■ About this exercise ■
A complete answer lists every line of the material where the string "Stdlib" occurs.

■ Dataset records ■
(* Let $d\ge2$, $q\ge2$, $n\ge1$, let $p\in\mathbb{Z}/q\mathbb{Z}$ with $\gcd(p,q)=1$ and let $p^*$ be the inverse of $p$ in $\mathbb{Z}/q\mathbb{Z}$. For $1\le i\le n$ let $\mathcal{O}_i$ be the $\sigma_d$-orbit of a point $t_i\in\mathbb{T}$ with $|\mathcal{O}_i|=q$, where the orbits $\mathcal{O}_1,\dots,\mathcal{O}_n$ are pairwise distinct and $t_1<t_2<\dots<t_n$. Write $t_i=(a^{(i)}_0,a^{(i)}_1,\dots,a^{(i)}_{q-1})$ in $q$-tuple notation. Let $A=\bigcup_{i=1}^n\mathcal{O}_i$, listed as $A=\{u_0<u_1<\dots<u_{nq-1}\}$ with indices in $\mathbb{Z}/nq\mathbb{Z}$. Then the following are equivalent: (a) each $t_i$ is the least element of $\mathcal{O}_i$, and $A$ is $\sigma_d$-rotational with $\sigma_d(u_j)=u_{j+np}$ for all $j$ (i.e. $A$ has rotation number $np/nq=p/q$); (b) the sequence of length $nq$ $$a^{(1)}_0,a^{(2)}_0,\dots,a^{(n)}_0,\ a^{(1)}_{p^*},a^{(2)}_{p^*},\dots,a^{(n)}_{p^*},\ a^{(1)}_{2p^*},\dots,a^{(n)}_{2p^*},\ \dots,\ a^{(1)}_{(q-1)p^*},\dots,a^{(n)}_{(q-1)p^*}$$ (i.e. the terms $a^{(i)}_{kp^*}$ ordered first by $k=0,1,\dots,q-1$ and then by $i=1,\dots,n$) is nondecreasing, and moreover $a^{(n)}_{-(p+1)p^*}<a^{(1)}_{-pp^*}$.
   Context: $\mathbb{T}=\mathbb{R}/\mathbb{Z}$, totally ordered by choosing representatives in $[0,1)$; $\sigma_d(t)=dt$. A finite set $A=\{u_0<\dots<u_{N-1}\}\subset\mathbb{T}$ (indices in $\mathbb{Z}/N\mathbb{Z}$) is $\sigma_d$-rotational if for some fixed $0\ne P\in\mathbb{Z}/N\mathbb{Z}$, $\sigma_d(u_j)=u_{j+P}$ for all $j$; its rotation number is $P/N$. $q$-tuple notation: for digits $a_i\in\{0,\dots,d-1\}$, $(a_0,\dots,a_{q-1})$ denotes the point of $\mathbb{T}$ with purely periodic base-$d$ expansion $0.\overline{a_0a_1\dots a_{q-1}}$, with digit indices read in $\mathbb{Z}/q\mathbb{Z}$ (so every point of period $q$ under $\sigma_d$ has such a representation). Index expressions such as $kp^*$, $-(p+1)p^*$, $-pp^*$ are computed in $\mathbb{Z}/q\mathbb{Z}$. *)

From mathcomp Require Import all_boot all_order all_algebra.
From mathcomp Require Import all_classical all_reals.
Set Implicit Arguments. Unset Strict Implicit. Unset Printing Implicit Defensive.
Import Order.TTheory GRing.Theory Num.Theory.
Local Open Scope ring_scope.
Local Open Scope classical_set_scope.

(* The circle T = R/Z is represented by representatives in [0,1). *)
Definition frac {R : realType} (x : R) : R := x - (Num.floor x)%:~R.

Definition sigma {R : realType} (d : nat) (t : R) : R := frac (d%:R * t).

Definition sorbit {R : realType} (d : nat) (t : R) : set R :=
  [set iter k (sigma d) t | k in [set: nat]].

(* q-tuple notation: the point 0.\overline{a_0 a_1 ... a_{q-1}} in base d,
   i.e. (sum_{k<q} a_k d^(q-1-k)) / (d^q - 1). *)
Definition qtuple {R : realType} (d q : nat) (a : nat -> nat) : R :=
  (\sum_(k < q) (a k)%:R * (d%:R ^+ (q - 1 - k)%N)) / (d%:R ^+ q - 1).

From Pilot Require Import Defs.
From mathcomp Require Import all_boot all_order all_algebra.
From mathcomp Require Import all_classical all_reals.
From mathcomp Require Import zify ring lra.
Set Implicit Arguments.
Unset Strict Implicit.
Unset Printing Implicit Defensive.

Import Order.TTheory GRing.Theory Num.Theory.
Local Open Scope ring_scope.
Local Open Scope classical_set_scope.

(* Put w_i(y) := sigma^(y p* )(t_i). Then sigma (w_i(y)) = w_i(y + p), and the
   leading digit of w_i(y) is a^(i)_(y p* ). Condition (a) says exactly that A
   is enumerated as u_(y n + i) = w_i(y); as two increasing enumerations of the
   same set agree, this holds iff that list is increasing. An increasing list has
   nondecreasing leading digits, and the strict inequality comes from the two
   entries around position (q - p) n, whose images under sigma are the last and
   the first entry. Conversely, if the digits of two such points stay ordered
   along their orbits, the difference g_j of their j-th images satisfies
   g_(j+1) <= d g_j. Periodicity then forces g_0 >= 0 (strictly, as the orbits
   are distinct); at the wrap-around the strict digit inequality makes g_J > 0
   at some step J, and this propagates back to g_0 > 0. *)

Lemma ler_subexpanding (R : realDomainType) (D : R) (g : nat -> R) : 0 <= D ->
  (forall j, g j.+1 <= D * g j) -> forall i k, g (i + k)%N <= D ^+ k * g i.
Proof.
move=> D0 hg i; elim=> [|k IH]; first by rewrite addn0 expr0 mul1r.
by rewrite addnS (le_trans (hg _)) // exprS -mulrA ler_wpM2l.
Qed.
Lemma rsum_blend N p i j g :
  rsum N (fun r => blend N p i j (g r)) = (INR N * p i + (p j - p i) * rsum N g) / INR N.
Proof.
  unfold blend. rewrite (rsum_ext N _ (fun r => p i / INR N + (p j - p i) / INR N * g r))
    by (intros; unfold Rdiv; ring).
  rewrite rsum_add, rsum_scal, rsum_const. unfold Rdiv. ring.
Qed.

Lemma protocol_beta0 E d N p i j a k : (0 < N)%nat ->
  (i < d)%nat -> (j < d)%nat -> i <> j -> (a < d)%nat -> (k < N)%nat ->
  protocol 0 E d N i j (tensor_eta N p) (a * N + k)
  = tensor_eta N (qvec d i j (fair_binom N N) p) (a * N + k).
Proof.
  intros HN Hi Hj Hij Ha Hk.
  assert (HNz : INR N <> 0) by (apply not_0_INR; lia).
  unfold protocol, therm_memory. rewrite !tensor_eta_block by exact Hk.
  apply (f_equal (fun x => x / INR N)).
  rewrite (rsum_ext N _ (fun r => mix_state N p i j N 0 (a * N + r))).
  2:{ intros r _. apply (trunc_protocol_uniform N p i j _ (/ INR d / INR N)); auto.
      - intros w. apply Gamma_beta0. lia.
      - apply Rmult_integral_contrapositive_currified;
          apply Rinv_neq_0_compat; [apply not_0_INR; lia | exact HNz]. }
  rewrite qvec_swap by assumption. unfold swap.
  destruct (Nat.eqb_spec a i) as [->|Hai]; [|destruct (Nat.eqb_spec a j) as [->|Haj]].
  - rewrite (rsum_ext N _ (fun r => blend N p i j (race N (S r)))).
    2:{ intros r Hr. rewrite mix_state_block, Nat.eqb_refl by exact Hr. reflexivity. }
    rewrite rsum_blend, rsum_race_row. field. exact HNz.
  - rewrite (rsum_ext N _ (fun r => blend N p i j (race (S r) N))).
    2:{ intros r Hr. rewrite mix_state_block by exact Hr.
        destruct (Nat.eqb_spec j i); [congruence|]. rewrite Nat.eqb_refl.
        destruct (Nat.ltb_spec r N); [reflexivity|lia]. }
    rewrite rsum_blend, rsum_race_col. field. exact HNz.
  - rewrite (rsum_ext N _ (fun r => p a / INR N)).
    2:{ intros r Hr. rewrite mix_state_block by exact Hr.
        destruct (Nat.eqb_spec a i), (Nat.eqb_spec a j); [congruence..|reflexivity]. }
    rewrite rsum_const. field. exact HNz.
Qed.
Lemma max_indep_spans (X J : pset T) (v : T) :
  is_maximal (fun J => indep N J /\ sub J X) J -> X v -> ground N v -> span N J v.
Proof.
  intros [[indJ sJX] maxJ] Xv gv.
  destruct (classic (J v)) as [Jv | nJv]; [left; exact Jv | right].
  split; [exact gv |]. exists J; split; [intros y Jy; exact Jy | split; [exact indJ |]].
  intros indJv; apply nJv.
  apply (maxJ (add1 J v)); [| intros y Jy; left; exact Jy | right; reflexivity].
  split; [exact indJv |]. intros y [Jy | ->]; [apply sJX, Jy | exact Xv].
Qed.

Lemma base_exchange (B1 B2 : pset T) (a : T) :
  is_maximal (indep N) B1 -> is_maximal (indep N) B2 -> B1 a -> ~ B2 a ->
  exists y, B2 y /\ ~ B1 y /\ is_maximal (indep N) (add1 (fun x => B1 x /\ x <> a) y).
Proof.
  intros baseB1 baseB2 B1a nB2a.
  set (B1a' := fun x => B1 x /\ x <> a).
  assert (indB1a' : indep N B1a')
    by (apply indep_subset with B1; [apply baseB1 | intros x []; assumption]).
  assert (nmaxB1a' : ~ is_maximal (indep N) B1a').
  { intros [_ maxB1a']. destruct (maxB1a' B1 (proj1 baseB1) (fun x H => proj1 H) a B1a).
    auto. }
  destruct (indep_augment indB1a' nmaxB1a' baseB2) as [y [B2y [nB1a'y indy]]].
  assert (nB1y : ~ B1 y).
  { intros B1y; apply nB1a'y; split; [exact B1y | intros ->; exact (nB2a B2y)]. }
  exists y; split; [exact B2y | split; [exact nB1y |]].
  destruct (classic (is_maximal (indep N) (add1 B1a' y))) as [maxy | nmaxy]; [exact maxy |].
  exfalso.
  destruct (indep_augment indy nmaxy baseB1) as [z [B1z [nz indz]]].
  assert (za : z = a) by (apply NNPP; intros nza; apply nz; left; split; assumption).
  subst z. apply nB1y.
  assert (sB1 : sub (add1 (add1 B1a' y) a) B1).
  { apply (proj2 baseB1 _ indz). intros x B1x.
    destruct (classic (x = a)) as [-> | nxa]; [right; reflexivity | left; left; split; assumption]. }
  apply sB1; left; right; reflexivity.
Qed.
(* Let $n\ge 1$ be an integer and let $a_i(x)$, $0\le i\le n-1$, be real continuous functions on an open interval $I=(a,b)$. Then there exists a solution $y$ on $I$ of the linear ordinary differential equation $$y^{(n)}+a_{n-1}(x)\,y^{(n-1)}+\cdots+a_0(x)\,y=0$$ such that $y, y', \ldots, y^{(n-1)}$ are linearly independent over $I$.
   Context: Linear independence over $I$ means that no nontrivial real linear combination of the functions vanishes identically on $I$. *)

From Stdlib Require Import Reals.
From Coquelicot Require Import Coquelicot.
Open Scope R_scope.

Fixpoint sum_lt (n : nat) (f : nat -> R) : R :=
  match n with
  | O => 0
  | S m => sum_lt m f + f m
  end.

Definition in_interval (a b : Rbar) (x : R) : Prop :=
  Rbar_lt a x /\ Rbar_lt x b.

Definition n_times_differentiable_on (n : nat) (a b : Rbar) (y : R -> R) : Prop :=
  forall k : nat, (k < n)%nat ->
    forall x : R, in_interval a b x -> ex_derive (Derive_n y k) x.

Definition is_solution (n : nat) (coef : nat -> R -> R) (a b : Rbar) (y : R -> R) : Prop :=
  n_times_differentiable_on n a b y /\
  forall x : R, in_interval a b x ->
    Derive_n y n x + sum_lt n (fun i => coef i x * Derive_n y i x) = 0.

Definition lin_indep_on (n : nat) (f : nat -> R -> R) (a b : Rbar) : Prop :=
  forall c : nat -> R,
    (forall x : R, in_interval a b x -> sum_lt n (fun i => c i * f i x) = 0) ->
    forall i : nat, (i < n)%nat -> c i = 0.

(* Reduce the equation to the first-order system [Y' = C(x) Y] with the companion
   matrix [C] and solve it on the whole interval by Picard iteration from [x0]: on every
   compact subinterval the iterates differ by at most [B (L |x - x0|)^k / k!], so they
   converge locally uniformly, together with their derivatives.  The initial data
   [y^(k)(x0) = delta_(k,n-1)] make [y, ..., y^(n-1)] independent: in a vanishing
   combination, evaluation at [x0] kills the top coefficient and differentiation then
   exposes the next one. *)

From Stdlib Require Import Reals Lra Lia.
From Coquelicot Require Import Coquelicot.
Open Scope R_scope.

Lemma in_interval_convex (a b : Rbar) (u v w : R) :
  in_interval a b u -> in_interval a b w -> u <= v <= w -> in_interval a b v.
Proof. unfold in_interval; destruct a, b; simpl; intros; lra. Qed.

Lemma in_interval_nonempty (a b : Rbar) : Rbar_lt a b -> exists x, in_interval a b x.
Proof.
  unfold in_interval; destruct a as [ra| |], b as [rb| |]; simpl; intros H;
    try contradiction.
  - exists ((ra + rb) / 2); lra.
  - exists (ra + 1); lra.
  - exists (rb - 1); lra.
  - exists 0; tauto.
Qed.

Lemma in_interval_Rmin (a b : Rbar) (u v : R) :
  in_interval a b u -> in_interval a b v -> in_interval a b (Rmin u v).
Proof. unfold Rmin; destruct (Rle_dec u v); auto. Qed.

Lemma in_interval_Rmax (a b : Rbar) (u v : R) :
  in_interval a b u -> in_interval a b v -> in_interval a b (Rmax u v).
Proof. unfold Rmax; destruct (Rle_dec u v); auto. Qed.

Lemma in_interval_locally (a b : Rbar) (x : R) :
  in_interval a b x -> locally x (in_interval a b).
Proof.
  intros [Hax Hxb]. apply (locally_interval _ x a b Hax Hxb).
  intros y Hay Hyb; split; assumption.
Qed.

Lemma in_interval_ball (a b : Rbar) (x : R) : in_interval a b x ->
  exists d : posreal, in_interval a b (x - d) /\ in_interval a b (x + d).
Proof.
  intros Hx. destruct (in_interval_locally a b x Hx) as [e He].
  exists (pos_div_2 e). destruct e as [e e_pos]; simpl.
  split; apply He.
  - change (Rabs (x - e / 2 - x) < e). rewrite Rabs_left; lra.
  - change (Rabs (x + e / 2 - x) < e). rewrite Rabs_pos_eq; lra.
Qed.

Lemma sum_lt_ext (m : nat) (f g : nat -> R) :
  (forall k, (k < m)%nat -> f k = g k) -> sum_lt m f = sum_lt m g.
Proof.
  induction m as [|m IH]; intros H; simpl; [reflexivity|].
  rewrite IH by (intros; apply H; lia). rewrite H by lia. reflexivity.
Qed.

Lemma sum_lt_Rabs (m : nat) (f : nat -> R) :
  Rabs (sum_lt m f) <= sum_lt m (fun k => Rabs (f k)).
Proof.
  induction m as [|m IH]; simpl.
  - rewrite Rabs_R0; lra.
  - eapply Rle_trans; [apply Rabs_triang | lra].
Qed.

Lemma sum_lt_le (m : nat) (f g : nat -> R) :
  (forall k, (k < m)%nat -> f k <= g k) -> sum_lt m f <= sum_lt m g.
Proof.
  induction m as [|m IH]; intros H; simpl; [lra|].
  apply Rplus_le_compat; [apply IH; intros; apply H | apply H]; lia.
Qed.

Lemma sum_lt_mult_r (m : nat) (f : nat -> R) (c : R) :
  sum_lt m (fun k => f k * c) = sum_lt m f * c.
Proof. induction m as [|m IH]; simpl; [ring | rewrite IH; ring]. Qed.

Lemma sum_lt_minus (m : nat) (f g : nat -> R) :
  sum_lt m (fun k => f k - g k) = sum_lt m f - sum_lt m g.
Proof. induction m as [|m IH]; simpl; [ring | rewrite IH; ring]. Qed.

Lemma sum_lt_delta (m p : nat) (f : nat -> R) :
  sum_lt m (fun k => (if Nat.eqb k p then 1 else 0) * f k) =
  if Nat.ltb p m then f p else 0.
Proof.
  induction m as [|m IH]; simpl; [reflexivity|]. rewrite IH.
  destruct (Nat.eqb_spec m p) as [->|Hmp].
  - rewrite Nat.ltb_irrefl. replace (Nat.ltb p (S p)) with true
      by (symmetry; apply Nat.ltb_lt; lia). ring.
  - destruct (Nat.ltb_spec p m), (Nat.ltb_spec p (S m)); try lia; ring.
Qed.

Lemma continuous_sum_lt (m : nat) (f : nat -> R -> R) (x : R) :
  (forall k, (k < m)%nat -> continuous (f k) x) ->
  continuous (fun t => sum_lt m (fun k => f k t)) x.
Proof.
  induction m as [|m IH]; intros H; simpl.
  - apply continuous_const.
  - apply (continuous_plus (fun t => sum_lt m (fun k => f k t)) (f m));
      [apply IH; intros; apply H | apply H]; lia.
Qed.

Lemma is_derive_sum_lt (m : nat) (f : nat -> R -> R) (df : nat -> R) (x : R) :
  (forall k, (k < m)%nat -> is_derive (f k) x (df k)) ->
  is_derive (fun t => sum_lt m (fun k => f k t)) x (sum_lt m df).
Proof.
  induction m as [|m IH]; intros H; simpl.
  - apply (@is_derive_const R_AbsRing R_NormedModule).
  - apply (is_derive_plus (K := R_AbsRing) (V := R_NormedModule)
             (fun t => sum_lt m (fun k => f k t)) (f m));
      [apply IH; intros; apply H | apply H]; lia.
Qed.

Lemma is_lim_seq_sum_lt (m : nat) (u : nat -> nat -> R) (l : nat -> R) :
  (forall k, (k < m)%nat -> is_lim_seq (fun p => u p k) (l k)) ->
  is_lim_seq (fun p => sum_lt m (u p)) (sum_lt m l).
Proof.
  induction m as [|m IH]; intros H; simpl.
  - apply is_lim_seq_const.
  - apply (is_lim_seq_plus' (fun p => sum_lt m (u p)) (fun p => u p m));
      [apply IH; intros; apply H | apply H]; lia.
Qed.

Lemma continuous_family_bounded (m : nat) (f : nat -> R -> R) (lo hi : R) :
  lo <= hi ->
  (forall k, (k < m)%nat -> forall s, lo <= s <= hi -> continuous (f k) s) ->
  exists M, 0 <= M /\ forall k, (k < m)%nat -> forall s, lo <= s <= hi -> Rabs (f k s) <= M.
Proof.
  intros Hlh. induction m as [|m IH]; intros Hf.
  - exists 0. split; [lra | intros; lia].
  - destruct IH as [M [HM Hbound]]; [intros; apply Hf; auto; lia|].
    destruct (continuity_ab_maj (fun s => Rabs (f m s)) lo hi Hlh) as [s_max [Hmax _]].
    { intros s Hs. apply continuity_pt_filterlim, continuous_Rabs_comp, Hf; auto. }
    exists (Rmax M (Rabs (f m s_max))). split; [eapply Rle_trans; [apply HM | apply Rmax_l]|].
    intros k Hk s Hs. destruct (Nat.eq_dec k m) as [->|Hkm].
    + eapply Rle_trans; [apply Hmax; auto | apply Rmax_r].
    + eapply Rle_trans; [apply Hbound; auto; lia | apply Rmax_l].
Qed.

Definition exp_term (c : R) (k : nat) : R := / INR (Factorial.fact k) * c ^ k.

Lemma exp_term_nonneg (c : R) (k : nat) : 0 <= c -> 0 <= exp_term c k.
Proof.
  intros Hc. apply Rmult_le_pos; [|apply pow_le; exact Hc].
  apply Rlt_le, Rinv_0_lt_compat, lt_0_INR, Factorial.lt_O_fact.
Qed.

Lemma CVU_cauchy_exp_bound (f : nat -> R -> R) (D : R -> Prop) (K c : R) :
  0 <= K ->
  (forall k x, D x -> Rabs (f (S k) x - f k x) <= K * exp_term c (S k)) ->
  CVU_cauchy f D.
Proof.
  intros HK Hstep.
  assert (Htele : forall p d x, D x -> Rabs (f (p + d)%nat x - f p x) <=
            K * (sum_f_R0 (exp_term c) (p + d) - sum_f_R0 (exp_term c) p)).
  { intros p d x Hx. induction d as [|d IH].
    - rewrite Nat.add_0_r, !Rminus_diag, Rabs_R0. lra.
    - rewrite Nat.add_succ_r. cbn [sum_f_R0].
      specialize (Hstep (p + d)%nat x Hx).
      replace (f (S (p + d)) x - f p x) with
        ((f (S (p + d)) x - f (p + d)%nat x) + (f (p + d)%nat x - f p x)) by ring.
      eapply Rle_trans; [apply Rabs_triang | lra]. }
  intros eps.
  assert (Heps : 0 < eps / (K + 1)) by (apply Rdiv_lt_0_compat; [apply cond_pos | lra]).
  destruct (CV_Cauchy _ (exist_exp c) (eps / (K + 1)) Heps) as [N HN].
  exists N.
  assert (Hmono : forall p q x, D x -> (N <= p <= q)%nat -> Rabs (f q x - f p x) < eps).
  { intros p q x Hx Hpq. replace q with (p + (q - p))%nat by lia.
    eapply Rle_lt_trans; [apply Htele; exact Hx|].
    specialize (HN (p + (q - p))%nat p ltac:(lia) ltac:(lia)).
    change (R_dist (sum_f_R0 (exp_term c) (p + (q - p))) (sum_f_R0 (exp_term c) p)
      < eps / (K + 1)) in HN. unfold R_dist in HN.
    apply Rle_lt_trans with (K * (eps / (K + 1))).
    - apply Rmult_le_compat_l; [exact HK | eapply Rle_trans; [apply Rle_abs | lra]].
    - apply Rlt_le_trans with ((K + 1) * (eps / (K + 1))); [|right; field; lra].
      apply Rmult_lt_compat_r; [exact Heps | lra]. }
  intros p q x Hx Hp Hq. destruct (Nat.le_ge_cases p q).
  - rewrite Rabs_minus_sym. apply Hmono; [exact Hx | lia].
  - apply Hmono; [exact Hx | lia].
Qed.

Lemma is_RInt_pow_shift (x0 x : R) (m : nat) :
  is_RInt (fun s => (s - x0) ^ m) x0 x ((x - x0) ^ S m / INR (S m)).
Proof.
  assert (Hm : INR (S m) <> 0) by (apply not_0_INR; lia).
  set (G := fun s => (s - x0) ^ S m / INR (S m)).
  replace ((x - x0) ^ S m / INR (S m)) with (minus (G x) (G x0))
    by (unfold G, minus, plus, opp; simpl; rewrite Rminus_diag; field; exact Hm).
  apply (is_RInt_derive (V := R_CompleteNormedModule) G).
  - intros s _. unfold G. auto_derive; [exact I|].
    change (match m with 0%nat => 1 | S _ => INR m + 1 end) with (INR (S m)).
    unfold Rminus. field. exact Hm.
  - intros t _. apply (@ex_derive_continuous R_AbsRing R_NormedModule).
    auto_derive. exact I.
Qed.

Lemma abs_RInt_le_pow_ge (f : R -> R) (x0 x K : R) (m : nat) : x0 <= x ->
  (forall s, x0 <= s <= x -> continuous f s) ->
  (forall s, x0 <= s <= x -> Rabs (f s) <= K * (s - x0) ^ m) ->
  Rabs (RInt f x0 x) <= K * (x - x0) ^ S m / INR (S m).
Proof.
  intros Hle Hcont Hbound.
  assert (Hseg : forall s, Rmin x0 x <= s <= Rmax x0 x -> x0 <= s <= x)
    by (rewrite Rmin_left, Rmax_right by exact Hle; auto).
  assert (Hpoly : is_RInt (fun s => K * (s - x0) ^ m) x0 x (K * ((x - x0) ^ S m / INR (S m))))
    by apply (is_RInt_scal _ _ _ K _ (is_RInt_pow_shift x0 x m)).
  eapply Rle_trans; [apply abs_RInt_le; [exact Hle|]|].
  - apply (ex_RInt_continuous (V := R_CompleteNormedModule)); auto.
  - replace (K * (x - x0) ^ S m / INR (S m)) with (K * ((x - x0) ^ S m / INR (S m)))
      by (unfold Rdiv; ring).
    rewrite <- (is_RInt_unique _ _ _ _ Hpoly).
    apply RInt_le; [exact Hle | | eexists; exact Hpoly | intros s Hs; apply Hbound; lra].
    apply (ex_RInt_continuous (V := R_CompleteNormedModule)).
    intros s Hs. apply continuous_Rabs_comp, Hcont; auto.
Qed.

(* The case [x < x0] reduces to [abs_RInt_le_pow_ge] by the reflection [s |-> -s]. *)
Lemma abs_RInt_le_pow (f : R -> R) (x0 x K : R) (m : nat) :
  (forall s, Rmin x0 x <= s <= Rmax x0 x -> continuous f s) ->
  (forall s, Rmin x0 x <= s <= Rmax x0 x -> Rabs (f s) <= K * Rabs (s - x0) ^ m) ->
  Rabs (RInt f x0 x) <= K * Rabs (x - x0) ^ S m / INR (S m).
Proof.
  intros Hcont Hbound. destruct (Rle_lt_dec x0 x) as [Hle|Hlt].
  - rewrite Rmin_left, Rmax_right in Hcont, Hbound by exact Hle.
    rewrite (Rabs_pos_eq (x - x0)) by lra. apply abs_RInt_le_pow_ge; [exact Hle | exact Hcont |].
    intros s Hs. specialize (Hbound s Hs). rewrite (Rabs_pos_eq (s - x0)) in Hbound by lra.
    exact Hbound.
  - rewrite Rmin_right, Rmax_left in Hcont, Hbound by lra.
    assert (Hrefl : RInt f x0 x = RInt (fun u => - f (- u)) (- x0) (- x)).
    { symmetry. apply is_RInt_unique.
      apply (is_RInt_comp_opp (V := R_NormedModule) f). rewrite !Ropp_involutive.
      apply (RInt_correct (V := R_CompleteNormedModule)).
      apply (ex_RInt_continuous (V := R_CompleteNormedModule)).
      rewrite Rmin_right, Rmax_left by lra. exact Hcont. }
    rewrite Hrefl, (Rabs_left (x - x0)) by lra.
    replace (- (x - x0)) with (- x - - x0) by ring.
    apply abs_RInt_le_pow_ge; [lra | |]; intros s Hs.
    + apply (continuous_opp (fun u => f (- u))).
      apply (continuous_comp Ropp f);
        [apply (continuous_opp (V := R_NormedModule) (fun u => u)), continuous_id
        | apply Hcont; lra].
    + rewrite Rabs_Ropp. specialize (Hbound (- s) ltac:(lra)).
      rewrite (Rabs_left1 (- s - x0)) in Hbound by lra.
      replace (s - - x0) with (- (- s - x0)) by ring. exact Hbound.
Qed.

Lemma is_derive_lim_seq (f f' : nat -> R -> R) (g : R -> R) (x : R) (d : posreal) :
  CVU_cauchy f' (Boule x d) ->
  (forall y, Boule x d y -> is_lim_seq (fun k => f k y) (g y)) ->
  (forall k y, Boule x d y -> is_derive (f k) y (f' k y)) ->
  is_derive g x (real (Lim_seq (fun k => f' k x))).
Proof.
  intros Hcvu Hlim Hder. apply CVU_dom_cauchy in Hcvu.
  apply is_derive_Reals.
  apply (CVU_derivable f f' g (fun y => real (Lim_seq (fun k => f' k y))) x d).
  - apply CVU_dom_Reals; [|exact Hcvu].
    intros y Hy. destruct (CVU_CVS_dom _ _ Hcvu y Hy) as [l Hl].
    rewrite (is_lim_seq_unique _ _ Hl). reflexivity.
  - intros y Hy. apply is_lim_seq_Reals, Hlim, Hy.
  - intros k y Hy. apply is_derive_Reals, Hder, Hy.
  - unfold Boule. rewrite Rminus_diag, Rabs_R0. apply cond_pos.
Qed.
(* Let $\mathcal{X}$ be a finite set, $\pi$ a probability mass function on $\mathcal{X}$ with full support, and $P$ an ergodic $\pi$-reversible transition matrix. Let a group $\mathcal{G}$ act on $\mathcal{X}$ and let $G$ and $M$ be the Gibbs and Metropolis–Hastings orbit kernels for this same action, and $\theta:=\|M-G\|_{\ell^2_0(\pi)\to\ell^2_0(\pi)}$. Then for every positive integer $k$, $0\le\rho(M^kPM^k)-\rho(GPG)\le\rho(P)(2\theta^k+\theta^{2k})$. In particular, if $\theta<1$, then $\lim_{k\to\infty}\big(\rho(M^kPM^k)-\rho(GPG)\big)=0$.
   Context: $\langle f,g\rangle_\pi=\sum_x f(x)g(x)\pi(x)$, $\ell^2_0(\pi)=\{f:\sum_xf(x)\pi(x)=0\}$, operator norms with respect to $\|\cdot\|_\pi$. With $\mathcal{O}(x)$ the orbit of $x$: $G(x,y)=\pi(y)/\pi(\mathcal{O}(x))$ for $y\in\mathcal{O}(x)$, else $0$; $M(x,y)=\frac{1}{|\mathcal{O}(x)|-1}\min\{1,\pi(y)/\pi(x)\}$ for $y\in\mathcal{O}(x)\setminus\{x\}$, $0$ off the orbit, $M(x,x)=1-\sum_{y\ne x}M(x,y)$. For a $\pi$-self-adjoint kernel $K$, $\rho(K)=\sup_{0\ne f\in\ell^2_0(\pi)}|\langle f,Kf\rangle_\pi|/\langle f,f\rangle_\pi$. *)

From HB Require Import structures.
From mathcomp Require Import all_boot all_order all_algebra all_fingroup.
From mathcomp Require Import all_classical all_reals all_analysis.
Set Implicit Arguments. Unset Strict Implicit. Unset Printing Implicit Defensive.
Import Order.TTheory GRing.Theory Num.Theory.
Local Open Scope ring_scope.
Local Open Scope classical_set_scope.

Section Kernels.
Variables (R : realType) (X : finType).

■ Completed task ■
From Stdlib Require Import Reals.
From Stdlib Require Import Reals Lra Lia.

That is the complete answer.